Фэйрчайлд с жалостью глянул на него.
– Ну не думаешь же ты, что все вот это, – он широким жестом указал на собственную голову, – получилось само собой?
– Не знаю. Мне хватает одной расчески.
– Ну да, – заметил Мэттью. – Я так и понял.
Джеймс прислонил чемодан к ножке кровати, вытащил «Графа Монте-Кристо» и направился к двери.
– Джейми? – позвал Мэттью.
– Джеймс! – выплюнул Джеймс.
Фэйрчайлд расхохотался.
– Ладно-ладно. Джеймс, куда это ты собрался?
– Куда-нибудь в другое место, – заявил Джеймс и хлопнул за собой дверью.
Он не мог поверить, что судьба оказалась к нему так несправедлива, назначив делить комнату с Мэттью.
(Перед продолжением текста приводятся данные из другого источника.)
(* Let $d_1,d_2\ge2$ and let $\rho_{12}$ be a (possibly mixed) density operator on $\mathbb{C}^{d_1}\otimes\mathbb{C}^{d_2}$. Write $t_{u_1,u_2}=\operatorname{tr}\big(\rho_{12}\,(A^{(1)}_{u_1})^{\dagger}\otimes(A^{(2)}_{u_2})^{\dagger}\big)$ for $0\le u_s\le d_s^2-1$, so that $\rho_{12}=\frac{1}{d_1d_2}\sum_{u_1,u_2}t_{u_1,u_2}A^{(1)}_{u_1}\otimes A^{(2)}_{u_2}$, and let $T^{(12)}$ be the vector with entries $t_{u_1,u_2}$ for $u_1\ne0$, $u_2\ne0$. Then $$\|T^{(12)}\|^2\le d_1d_2\Big(1-\frac{1}{d_1^2}-\frac{1}{d_2^2}\Big)+1.$$
   Context: Generalized Pauli operators: for an integer $d\ge2$, let $\omega$ be a fixed primitive $d$-th root of unity and let $E_{m,j}$ ($0\le m,j\le d-1$) be the $d\times d$ matrix units, with indices taken modulo $d$. Each $u\in\{0,\dots,d^2-1\}$ is written uniquely as $u=di+j$ with $0\le i,j\le d-1$, and one sets $A_u=A_{di+j}=\sum_{m=0}^{d-1}\omega^{im}E_{m,m+j}$. Thus $A_0=I_d$ and $\operatorname{tr}(A_uA_v^{\dagger})=d\,\delta_{uv}$. $A^{(s)}_u$ denotes these operators for $d=d_s$. For a complex vector $v$, $\|v\|=\sqrt{v^{\dagger}v}$. *)

From HB Require Import structures.
From mathcomp Require Import all_boot all_order all_algebra.
From mathcomp Require Export complex mxtens.
Set Implicit Arguments.
Unset Strict Implicit.
Unset Printing Implicit Defensive.
Import Order.TTheory GRing.Theory Num.Theory.
Local Open Scope ring_scope.

Definition adjmx {C : numClosedFieldType} {m n : nat} (A : 'M[C]_(m, n)) : 'M[C]_(n, m) :=
  (map_mx Num.conj A)^T.

(* Generalized Pauli operator A_u, u = d*i + j, i = u %/ d, j = u %% d:
   A_{di+j} = sum_m omega^(i m) E_{m, m+j} (indices mod d). *)
Definition gpauli {C : numClosedFieldType} (d : nat) (omega : C) (u : nat) : 'M[C]_d :=
  \matrix_(m < d, n < d)
     (if ((n : nat) == ((m : nat) + u %% d) %% d)%N then omega ^+ ((u %/ d) * m)%N else 0).

Definition density_op {C : numClosedFieldType} {n : nat} (rho : 'M[C]_n) : Prop :=
  [/\ adjmx rho = rho,
      (forall v : 'cV[C]_n, 0 <= ((adjmx v) *m rho *m v) 0 0)
    & \tr rho = 1].

Definition tcoef {C : numClosedFieldType} (d1 d2 : nat) (w1 w2 : C)
  (rho : 'M[C]_(d1 * d2)) (u1 u2 : nat) : C :=
  \tr (rho *m (adjmx (gpauli d1 w1 u1) *t adjmx (gpauli d2 w2 u2))).
Arguments tcoef {C} d1 d2 w1 w2 rho u1 u2.
Arguments gpauli {C} d omega u.

From HB Require Import structures.
From mathcomp Require Import all_boot all_order all_algebra.
From mathcomp Require Import complex mxtens.
From mathcomp Require Import sesquilinear spectral.
From mathcomp Require Import ring.
Set Implicit Arguments.
Unset Strict Implicit.
Unset Printing Implicit Defensive.
Import Order.TTheory GRing.Theory Num.Theory.
Local Open Scope ring_scope.

(* Each coefficient t_{u1,u2} is linear in rho and |.|^2 is convex, so by the
   spectral decomposition it suffices to bound pure states rho = v v^+.  The
   generalized Pauli matrices form an orthogonal basis (a discrete Fourier
   transform along each diagonal), so by Parseval the sum of all |t|^2 is
   d1 d2 tr rho^2 = d1 d2, the sums along the axes u2 = 0 and u1 = 0 are
   d1 tr rho_1^2 and d2 tr rho_2^2, and t_00 = tr rho = 1.  For a pure state
   both reduced states have the same purity P (tr (M M^+)^2 = tr (M^+ M)^2 for
   the coefficient matrix M of v), and |tr rho_s|^2 <= d_s tr rho_s^2 gives
   d_s P >= 1.  Inclusion-exclusion leaves d1 d2 - (d1 + d2) P + 1, and
   d1 P >= d1 / d2, d2 P >= d2 / d1 yields the bound. *)

Section Adjoint.
Variable C : numClosedFieldType.

Lemma adjmxE m n (A : 'M[C]_(m, n)) i j : adjmx A i j = (A j i)^*.
Proof. by rewrite !mxE. Qed.

Lemma adjmxK m n (A : 'M[C]_(m, n)) : adjmx (adjmx A) = A.
Proof. by apply/matrixP => i j; rewrite !adjmxE conjCK. Qed.

Lemma adjmxM m n p (A : 'M[C]_(m, n)) (B : 'M[C]_(n, p)) :
  adjmx (A *m B) = adjmx B *m adjmx A.
Proof. by rewrite /adjmx map_mxM trmx_mul. Qed.

Lemma adjmx1 n : adjmx (1%:M : 'M[C]_n) = 1%:M.
Proof. by rewrite /adjmx map_mx1 trmx1. Qed.

Lemma trmx_adj m n (A : 'M[C]_(m, n)) : (adjmx A)^T = adjmx A^T.
Proof. by rewrite /adjmx trmxK map_trmx trmxK. Qed.

Lemma adjmx_trC m n (A : 'M[C]_(m, n)) : (A ^t*)%sesqui = adjmx A.
Proof. by rewrite /adjmx map_trmx. Qed.

Definition hsnorm2 m n (A : 'M[C]_(m, n)) : C := \sum_i \sum_j `|A i j| ^+ 2.

Lemma hsnorm2_trace m n (A : 'M[C]_(m, n)) : hsnorm2 A = \tr (A *m adjmx A).
Proof.
apply: eq_bigr => i _; rewrite mxE; apply: eq_bigr => j _.
by rewrite adjmxE normCK.
Qed.

Lemma hsnorm2_tr m n (A : 'M[C]_(m, n)) : hsnorm2 A^T = hsnorm2 A.
Proof.
by rewrite /hsnorm2 exchange_big; do 2!apply: eq_bigr => ? _; rewrite mxE.
Qed.

Lemma hsnorm2_mul_adj_swap m n (A : 'M[C]_(m, n)) :
  hsnorm2 (A *m adjmx A) = hsnorm2 (adjmx A *m A).
Proof.
rewrite !hsnorm2_trace !adjmxM !adjmxK -!mulmxA mxtrace_mulC.
by rewrite -!mulmxA.
Qed.

Lemma hsnorm2_outer n (v : 'cV[C]_n) : hsnorm2 (v *m adjmx v) = hsnorm2 v ^+ 2.
Proof.
rewrite /hsnorm2 [RHS]expr2 mulr_suml; apply: eq_bigr => i _.
rewrite !big_ord1 mulr_sumr; apply: eq_bigr => j _.
by rewrite !mxE !big_ord1 !mxE normrM norm_conjC exprMn.
Qed.

End Adjoint.

Section Convexity.
Variable C : numClosedFieldType.

Lemma sqr_norm_convex_comb n (lam x : 'I_n -> C) :
  (forall k, 0 <= lam k) -> \sum_k lam k = 1 ->
  `|\sum_k lam k * x k| ^+ 2 <= \sum_k lam k * `|x k| ^+ 2.
Proof.
move=> lam_ge0 lam1; set m := \sum_k lam k * x k.
have var_ge0 : 0 <= \sum_k lam k * `|x k - m| ^+ 2.
  by apply: sumr_ge0 => k _; rewrite mulr_ge0 ?exprn_ge0.
have varE k : lam k * `|x k - m| ^+ 2 = lam k * `|x k| ^+ 2
    - lam k * x k * m^* - m * (lam k * x k)^* + lam k * (m * m^*).
  by rewrite !normCK rmorphB rmorphM /= (geC0_conj (lam_ge0 k)); ring.
rewrite (eq_bigr _ (fun k _ => varE k)) big_split /= !sumrB in var_ge0.
rewrite -!mulr_suml -mulr_sumr -rmorph_sum -/m lam1 mul1r in var_ge0.
by rewrite -subr_ge0 normCK; move: var_ge0; congr (0 <= _); ring.
Qed.

Lemma sqr_norm_mxtrace n (A : 'M[C]_n) : `|\tr A| ^+ 2 <= n%:R * hsnorm2 A.
Proof.
case: n A => [|n] A; first by rewrite /mxtrace big_ord0 normr0 expr0n mul0r.
have n_gt0 : 0 < n.+1%:R :> C by rewrite ltr0n.
pose lam (k : 'I_n.+1) : C := n.+1%:R^-1.
have lam1 : \sum_k lam k = 1.
  by rewrite sumr_const card_ord -[_ *+ _]mulr_natr mulVf ?gt_eqF.
have lam_ge0 k : 0 <= lam k by rewrite invr_ge0 ltW.
have := sqr_norm_convex_comb (fun k => n.+1%:R * A k k) lam_ge0 lam1.
rewrite /lam; under eq_bigr do rewrite mulKf ?gt_eqF //.
under [X in _ <= X -> _]eq_bigr do
  rewrite normrM exprMn ger0_norm ?ler0n // mulrA expr2 mulKf ?gt_eqF //.
rewrite -mulr_sumr => /le_trans; apply; rewrite ler_wpM2l ?ler0n //.
apply: ler_sum => i _; rewrite (bigD1 i) //= lerDl.
by apply: sumr_ge0 => j _; apply: exprn_ge0.
Qed.

End Convexity.

Section Mixtures.
Variable C : numClosedFieldType.

Lemma hermitian_outer_decomposition n (A : 'M[C]_n) : adjmx A = A ->
  exists (lam : 'I_n -> C) (v : 'I_n -> 'cV[C]_n),
  (forall k l, adjmx (v k) *m v l = (k == l)%:R%:M)
    /\ A = \sum_k lam k *: (v k *m adjmx (v k)).
Proof.
move=> A_herm.
have : A \is normalmx.
  apply: hermitian_normalmx; rewrite is_hermitianmxE expr0 scale1r.
  by rewrite adjmx_trC A_herm.
move/orthomx_spectralP; set P := spectralmx A; set D := spectral_diag A.
have P_unitary : P \is unitarymx := spectral_unitarymx A.
rewrite invmx_unitary // adjmx_trC => AE.
exists (D 0), (fun k => adjmx (row k P)); split.
  move=> k l; apply/matrixP => i j; rewrite adjmxK !ord1.
  move/unitarymxP: P_unitary; rewrite adjmx_trC => /matrixP/(_ k l).
  by rewrite !mxE eqxx mulr1n => <-; apply: eq_bigr => m _; rewrite !mxE.
rewrite {1}AE mul_mx_diag; apply/matrixP => i j; rewrite summxE !mxE.
apply: eq_bigr => k _; rewrite !mxE big_ord1 !mxE conjCK.
by rewrite mulrCA mulrA.
Qed.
Мальчик отыскал еще одну уединенную лестницу и читал допоздна, пока не решил, что уже достаточно поздно и Фэйрчайлд наверняка уснул. Джеймс прополз по коридору, зажег свечу и стал читать дальше, лежа в кровати.
Должно быть, он слишком уж зачитался. Когда Джеймс проснулся, Мэттью в комнате уже давно не было – в довершение всего, он еще и «жаворонок»! К тому же сам Джеймс безбожно опоздал на первый свой урок в Академии.
– Ну чего же еще ждать от Козлика Эрондейла!
Парня, который это заявил, Джеймс видел впервые. Кое-кто захихикал.
Эрондейл мрачно плюхнулся на стул рядом с Майком Смитом.
Хуже всего были те предметы, которые элита изучала отдельно от отстоя. Потому что сесть на них Джеймсу было не с кем.
А может, хуже всего были первые уроки. Потому что Джеймс всегда засиживался до поздней ночи, с помощью книжек отвлекаясь от своих проблем, и каждый день опаздывал. Причем во сколько бы он ни встал, Мэттью в комнате уже не было. Эрондейл начинал подозревать, что тот делает это специально, чтобы подразнить его. Сложно было представить Фэйрчайлда, спозаранку занимающегося чем-то полезным.
А может, хуже всего были практические занятия. Потому что на них Мэттью неимоверно раздражал Джеймса.
– К сожалению, я вынужден отказаться от участия в этом, – сказал Фэйрчайлд на первом занятии. – Считайте, что я устраиваю забастовку. Как шахтеры. Только делаю это гораздо более элегантно.
На следующий день он объявил:
– Я воздерживаюсь от участия в занятии на том основании, что красота священна, а в этих упражнениях нет ничего красивого.
А потом, на третий раз, просто сказал:
– Я протестую из эстетических принципов.
Мэттью и дальше продолжал нести ахинею, от которой всех разбирал смех, пока через пару недель занятий не заявил:
– Я не стану этого делать, потому что Сумеречные охотники – кретины и потому что я не хочу учиться в этой кретинской школе. Почему инцидент, который называется рождением, автоматически означает, что либо тебя оторвут от семьи и родных, либо жизнь твоя будет короткой, ужасной и полной смертоубийственных драк с демонами?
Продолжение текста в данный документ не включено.